• torchvision dataset和torch.utils.data.DataLoader


    一、torchvision主要包括一下几个包:

    vision.datasets : 几个常用视觉数据集,可以下载和加载,这里主要的高级用法就是可以看源码如何自己写自己的Dataset的子类
    vision.models : 流行的模型,例如 AlexNet, VGG, ResNet 和 Densenet 以及 与训练好的参数。
    vision.transforms : 常用的图像操作,例如:随机切割,旋转,数据类型转换,图像到tensor ,numpy 数组到tensor , tensor 到 图像等。
    vision.utils : 用于把形似 (3 x H x W) 的张量保存到硬盘中,给一个mini-batch的图像可以产生一个图像格网。

    1.torchvision.dataset()用法

    CIFAR
    dset.CIFAR10(root, train=True, transform=None, target_transform=None, download=False)
    
    dset.CIFAR100(root, train=True, transform=None, target_transform=None, download=False)

    参数说明: - root : cifar-10-batches-py 的根目录

    - train : True = 训练集, False = 测试集

    - download : True = 从互联上下载数据,并将其放在root目录下。如果数据集已经下载,什么都不干。
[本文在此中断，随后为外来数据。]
(* Let $f_1,f_2$ be strongly hyperbolic functions and let $p_1,p_2,p_3\in\mathcal{P}$ be three points in admissible position. Then at least one element of $\mathcal{C}^-(f_1,f_2)$ contains $p_1,p_2,p_3$.
   Context: Identify $\mathbb{S}^1$ with $\mathbb{R}\cup\{\infty\}$, $\mathcal{P}=\mathbb{S}^1\times\mathbb{S}^1$, $\mathbb{R}^+=(0,\infty)$. A function $f:\mathbb{R}^+\to\mathbb{R}^+$ is strongly hyperbolic if: (1) $\lim_{x\to0+}f(x)=+\infty$, $\lim_{x\to+\infty}f(x)=0$; (2) $f$ strictly convex; (3) $\lim_{x\to+\infty}f(x+b)/f(x)=1$ for each $b\in\mathbb{R}$; (4) $f$ differentiable; (5) $\ln|f'|$ strictly convex. For $a>0$, $b,c\in\mathbb{R}$: $f_{a,b,c}(x)=af_1(x+b)+c$ for $x>-b$, $f_{a,b,c}(x)=-af_2(-x-b)+c$ for $x<-b$; $\overline{f_{a,b,c}}=\{(x,f_{a,b,c}(x)):x\ne-b\}\cup\{(-b,\infty),(\infty,c)\}$; $\overline{l_{s,t}}=\{(x,sx+t):x\in\mathbb{R}\}\cup\{(\infty,\infty)\}$; $\mathcal{C}^-(f_1,f_2)=\{\overline{f_{a,b,c}}:a>0,b,c\in\mathbb{R}\}\cup\{\overline{l_{s,t}}:s<0,t\in\mathbb{R}\}$. Three points are in admissible position if they are all contained in one set of the form $\{(x,sx+t):x\in\mathbb{R}\}\cup\{(\infty,\infty)\}$ with $s<0$, $t\in\mathbb{R}$, or of the form $\{(x,y)\in\mathbb{R}^2:(x-b)(y-c)=a\}\cup\{(\infty,c),(b,\infty)\}$ with $a>0$, $b,c\in\mathbb{R}$ (the orientation-reversing circles of the classical flat Minkowski plane). *)

From Stdlib Require Import Reals Lra.
From Coquelicot Require Import Coquelicot.
Open Scope R_scope.

(* S^1 = R ∪ {∞}: [Some x] is the real x, [None] is ∞. *)
Definition S1 := option R.
Definition point := (S1 * S1)%type.

Definition strictly_convex_pos (g : R -> R) : Prop :=
  forall x y t, 0 < x -> 0 < y -> x <> y -> 0 < t < 1 ->
    g (t * x + (1 - t) * y) < t * g x + (1 - t) * g y.

(* f : R^+ -> R^+ is modelled by a total f : R -> R, only its values on
   (0,+oo) matter. *)
Definition strongly_hyperbolic (f : R -> R) : Prop :=
  (forall x, 0 < x -> 0 < f x) /\
  filterlim f (at_right 0) (Rbar_locally p_infty) /\
  filterlim f (Rbar_locally p_infty) (locally 0) /\
  strictly_convex_pos f /\
  (forall b : R, filterlim (fun x => f (x + b) / f x) (Rbar_locally p_infty) (locally 1)) /\
  (forall x, 0 < x -> ex_derive f x) /\
  strictly_convex_pos (fun x => ln (Rabs (Derive f x))).

Definition fabc (f1 f2 : R -> R) (a b c : R) (x : R) : R :=
  if Rlt_dec (- b) x then a * f1 (x + b) + c else - a * f2 (- x - b) + c.

Definition fabc_bar (f1 f2 : R -> R) (a b c : R) (p : point) : Prop :=
  (exists x, x <> - b /\ p = (Some x, Some (fabc f1 f2 a b c x))) \/
  p = (Some (- b), None) \/ p = (None, Some c).

Definition lst_bar (s t : R) (p : point) : Prop :=
  (exists x, p = (Some x, Some (s * x + t))) \/ p = (None, None).

Definition in_Cminus (f1 f2 : R -> R) (C : point -> Prop) : Prop :=
  (exists a b c, 0 < a /\ C = fabc_bar f1 f2 a b c) \/
  (exists s t, s < 0 /\ C = lst_bar s t).

(* orientation-reversing circle of the classical flat Minkowski plane *)
Definition hyp_bar (a b c : R) (p : point) : Prop :=
  (exists x y, (x - b) * (y - c) = a /\ p = (Some x, Some y)) \/
  p = (None, Some c) \/ p = (Some b, None).

Definition admissible (p1 p2 p3 : point) : Prop :=
  (exists s t, s < 0 /\ lst_bar s t p1 /\ lst_bar s t p2 /\ lst_bar s t p3) \/
  (exists a b c, 0 < a /\ hyp_bar a b c p1 /\ hyp_bar a b c p2 /\ hyp_bar a b c p3).

From Stdlib Require Import Reals Lra Classical Ranalysis5.
From Coquelicot Require Import Coquelicot.
Open Scope R_scope.

(* For a hyperbola (x - b)(y - c) = a > 0, up to the order of the points and up to the
   reflection (x, y) |-> (-x, -y), which exchanges f1 and f2, the points fall into a few
   configurations relative to the two branches. When the point (b, oo) is among them the
   parameters of f_{a',b',c'} are linear in the data; otherwise one solves a single equation
   in the shift u = x + b' by the intermediate value theorem: near u = 0 the blow-up of f1
   gives one sign, and the opposite sign comes from the blow-up of f2 on the other branch
   or, when all finite points lie on one branch, from the ratio condition
   f (x + b) / f x -> 1, combined for three points with convexity in a telescoping
   argument. *)

Section StronglyHyperbolic.

Variable f : R -> R.
Hypothesis Hf : strongly_hyperbolic f.

Lemma sh_pos x : 0 < x -> 0 < f x.
Proof. destruct Hf as [H _]; auto. Qed.

Lemma sh_ex_derive x : 0 < x -> ex_derive f x.
Proof. destruct Hf as (_ & _ & _ & _ & _ & H & _); auto. Qed.

Lemma sh_convex3 x y z : 0 < x -> x < y -> y < z ->
  (z - x) * f y < (z - y) * f x + (y - x) * f z.
Proof.
  intros Hx Hxy Hyz. destruct Hf as (_ & _ & _ & Hc & _).
  set (t := (z - y) / (z - x)).
  assert (Ht : 0 < t < 1).
  { unfold t; split.
    - apply Rdiv_lt_0_compat; lra.
    - apply (Rdiv_lt_1 (z - y) (z - x)); lra. }
  pose proof (Hc x z t Hx ltac:(lra) ltac:(lra) Ht) as H.
  replace (t * x + (1 - t) * z) with y in H by (unfold t; field; lra).
  apply (Rmult_lt_compat_l (z - x)) in H; [|lra].
  replace ((z - x) * (t * f x + (1 - t) * f z))
    with ((z - y) * f x + (y - x) * f z) in H by (unfold t; field; lra).
  exact H.
Qed.

Lemma sh_large_near_0 M e : 0 < e -> exists x, 0 < x < e /\ M < f x.
Proof.
  intros He. destruct Hf as (_ & H & _).
  destruct (H (fun y => M < y) (ex_intro _ M (fun _ h => h))) as [d Hd].
  set (x := Rmin d e / 2).
  assert (Hx : 0 < x < d /\ x < e)
    by (pose proof (cond_pos d); unfold x, Rmin; destruct Rle_dec; lra).
  exists x. split; [lra|]. apply Hd; [|lra].
  change (Rabs (x - 0) < d). rewrite Rminus_0_r, Rabs_pos_eq; lra.
Qed.

Lemma sh_small_near_infty e : 0 < e -> exists N, forall x, N < x -> f x < e.
Proof.
  intros He. destruct Hf as (_ & _ & H & _).
  destruct (proj1 (filterlim_locally f 0) H (mkposreal e He)) as [N HN].
  exists N. intros x Hx. specialize (HN x Hx).
  change (Rabs (f x - 0) < e) in HN. apply Rabs_def2 in HN. lra.
Qed.

Lemma sh_shift_ratio_gt b q : q < 1 ->
  exists N, 0 < N /\ forall x, N < x -> q * f x < f (x + b).
Proof.
  intros Hq. destruct Hf as (_ & _ & _ & _ & H & _).
  destruct (proj1 (filterlim_locally _ 1) (H b) (mkposreal (1 - q) ltac:(lra))) as [N HN].
  exists (Rmax N 1). split; [pose proof (Rmax_r N 1); lra|].
  intros x Hx. pose proof (Rmax_l N 1). pose proof (Rmax_r N 1).
  specialize (HN x ltac:(lra)). change (Rabs (f (x + b) / f x - 1) < 1 - q) in HN.
  apply Rabs_def2 in HN.
  assert (Hfx : 0 < f x) by (apply sh_pos; lra).
  replace (f (x + b)) with (f (x + b) / f x * f x) by (field; lra).
  apply Rmult_lt_compat_r; lra.
Qed.

Lemma sh_decreasing x y : 0 < x -> x < y -> f y < f x.
Proof.
  intros Hx Hxy. destruct (Rlt_or_le (f y) (f x)) as [H|H]; auto. exfalso.
  (* convexity makes [f] increase beyond [y], against [f -> 0] at infinity *)
  destruct (sh_small_near_infty (f y)) as [N HN]; [apply sh_pos; lra|].
  set (z := Rmax N y + 1).
  pose proof (Rmax_l N y). pose proof (Rmax_r N y).
  specialize (HN z ltac:(unfold z; lra)).
  pose proof (sh_convex3 x y z Hx Hxy ltac:(unfold z; lra)).
  assert ((z - y) * f x <= (z - y) * f y) by (apply Rmult_le_compat_l; unfold z; lra).
  assert (Hyz : (y - x) * f y < (y - x) * f z) by lra.
  apply Rmult_lt_reg_l in Hyz; lra.
Qed.

End StronglyHyperbolic.

Lemma continuous_sign_change_root (h : R -> R) lo hi : lo < hi ->
  (forall x, lo <= x <= hi -> continuous h x) -> h hi < 0 < h lo ->
  exists x, lo <= x <= hi /\ h x = 0.
Proof.
  intros Hlh Hc [Hhi Hlo].
  destruct (IVT_interv (fun x => - h x) lo hi) as [x [Hx Hx0]]; try lra.
  - intros x Hx. apply continuity_pt_opp, continuity_pt_filterlim, Hc, Hx.
  - exists x. split; [exact Hx | lra].
Qed.

Lemma sh_ratio_root f d r : strongly_hyperbolic f -> 0 < d -> 1 < r ->
  exists u, 0 < u /\ f u = r * f (u + d).
Proof.
  intros Hf Hd Hr.
  destruct (sh_large_near_0 f Hf (r * f d) 1) as [lo [Hlo Hflo]]; [lra|].
  destruct (sh_shift_ratio_gt f Hf d (/ r)) as [N [HN HNr]].
  { rewrite <- Rinv_1. apply Rinv_lt_contravar; lra. }
  set (hi := Rmax N lo + 1).
  assert (Hhi : N < hi /\ lo < hi) by (unfold hi; pose proof (Rmax_l N lo); pose proof (Rmax_r N lo); lra).
  destruct (continuous_sign_change_root (fun u => f u - r * f (u + d)) lo hi)
    as [u [Hu Hu0]]; [lra | | split | exists u; split; lra].
  - intros x Hx. apply (@ex_derive_continuous R_AbsRing R_NormedModule). auto_derive.
    repeat split; apply (sh_ex_derive f Hf); lra.
  - specialize (HNr hi (proj1 Hhi)).
    apply (Rmult_lt_compat_l r) in HNr; [|lra].
    rewrite <- Rmult_assoc, Rinv_r, Rmult_1_l in HNr by lra. lra.
  - assert (f (lo + d) < f d) by (apply (sh_decreasing f Hf); lra).
    assert (r * f (lo + d) < r * f d) by (apply Rmult_lt_compat_l; lra). lra.
Qed.

Lemma sh_two_sided_root f g D d p k : strongly_hyperbolic f -> strongly_hyperbolic g ->
  0 < D -> 0 < d -> 0 <= p -> 0 < k ->
  exists u, 0 < u < D /\ f u = p * f (u + d) + k * g (D - u).
Proof.
  intros Hf Hg HD Hd Hp Hk.
  destruct (sh_large_near_0 f Hf (p * f d + k * g (D / 2)) (D / 2)) as [lo [Hlo Hflo]]; [lra|].
  destruct (sh_large_near_0 g Hg (f (D / 2) / k) (D / 2)) as [w [Hw Hgw]]; [lra|].
  destruct (continuous_sign_change_root (fun u => f u - p * f (u + d) - k * g (D - u)) lo (D - w))
    as [u [Hu Hu0]]; [lra | | split | exists u; split; lra].
  - intros x Hx. apply (@ex_derive_continuous R_AbsRing R_NormedModule). auto_derive.
    repeat split; first [apply (sh_ex_derive f Hf) | apply (sh_ex_derive g Hg)]; lra.
  - replace (D - (D - w)) with w by ring.
    assert (f (D - w) < f (D / 2)) by (apply (sh_decreasing f Hf); lra).
    assert (0 <= p * f (D - w + d)) by (apply Rmult_le_pos; [lra | left; apply (sh_pos f Hf); lra]).
    apply (Rmult_lt_compat_l k) in Hgw; [|lra].
    replace (k * (f (D / 2) / k)) with (f (D / 2)) in Hgw by (field; lra). lra.
  - assert (p * f (lo + d) <= p * f d)
      by (apply Rmult_le_compat_l; [lra | left; apply (sh_decreasing f Hf); lra]).
    assert (k * g (D - lo) < k * g (D / 2))
      by (apply Rmult_lt_compat_l; [lra | apply (sh_decreasing g Hg); lra]). lra.
Qed.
    返回类型:tuple,返回参数:(image,target)其中target应是目标类的类索引。


    举例:

    from torch.utils.data.sampler import Sampler
    from torch.utils.data.dataset import Dataset
    from torch.utils.data.dataloader import DataLoader
     
    dataset = MyDataset() # 第一步:构建 Dataset 对象
    dataloader = DataLoader(dataset) # 第二步:通过Dataloader来构建迭代对象
     
    num_epoches = 100
    for epoch in range(num_epoches):
        for i, data in enumerate(dataloader):
            # 训练代码

    二、 torch.utils.data.DataLoader

    torch.utils.data.DataLoader(dataset, batch_size=1,shuffle=False,sampler=None,
                                batch_sampler=None, num_workers=0, collate_fn=None,
                                pin_memory=False, drop_last=False, timeout=0,worker_init_fn=None)
     
     
     
        Arguments:
            dataset (Dataset): 是一个DataSet对象,表示需要加载的数据集.
            batch_size (int, optional): 每一个batch加载多少组样本,即指定batch_size,默认是 1 
            shuffle (bool, optional): 布尔值True或者是False ,表示每一个epoch之后是否对样本进行随机打乱,默认是False
    ------------------------------------------------------------------------------------
            sampler (Sampler, optional): 自定义从数据集中抽取样本的策略,如果指定这个参数,那么shuffle必须为False
            batch_sampler (Sampler, optional): 与sampler类似,但是一次只返回一个batch的indices(索引),需要注意的是,一旦指定了这个参数,那么batch_size,shuffle,sampler,drop_last就不能再制定了(互斥)
    ------------------------------------------------------------------------------------
            num_workers (int, optional): 这个参数决定了有几个进程来处理data loading。0意味着所有的数据都会被load进主进程。(默认为0)
            collate_fn (callable, optional): 将一个list的sample组成一个mini-batch的函数(这个还不是很懂)
            pin_memory (bool, optional): 如果设置为True,那么data loader将会在返回它们之前,将tensors拷贝到CUDA中的固定内存(CUDA pinned memory)中.
    ------------------------------------------------------------------------------------
            drop_last (bool, optional): 如果设置为True:这个是对最后的未完成的batch来说的,比如你的batch_size设置为64,而一个epoch只有100个样本,那么训练的时候后面的36个就被扔掉了,如果为False(默认),那么会继续正常执行,只是最后的batch_size会小一点。
    ------------------------------------------------------------------------------------
            timeout (numeric, optional): 如果是正数,表明等待从worker进程中收集一个batch等待的时间,若超出设定的时间还没有收集到,那就不收集这个内容了。这个numeric应总是大于等于0。默认为0
     
            worker_init_fn (callable, optional): If not ``None``, this will be called on each worker subprocess with the worker id (an int in ``[0, num_workers - 1]``) as input, after seeding and before data loading. (default: ``None``)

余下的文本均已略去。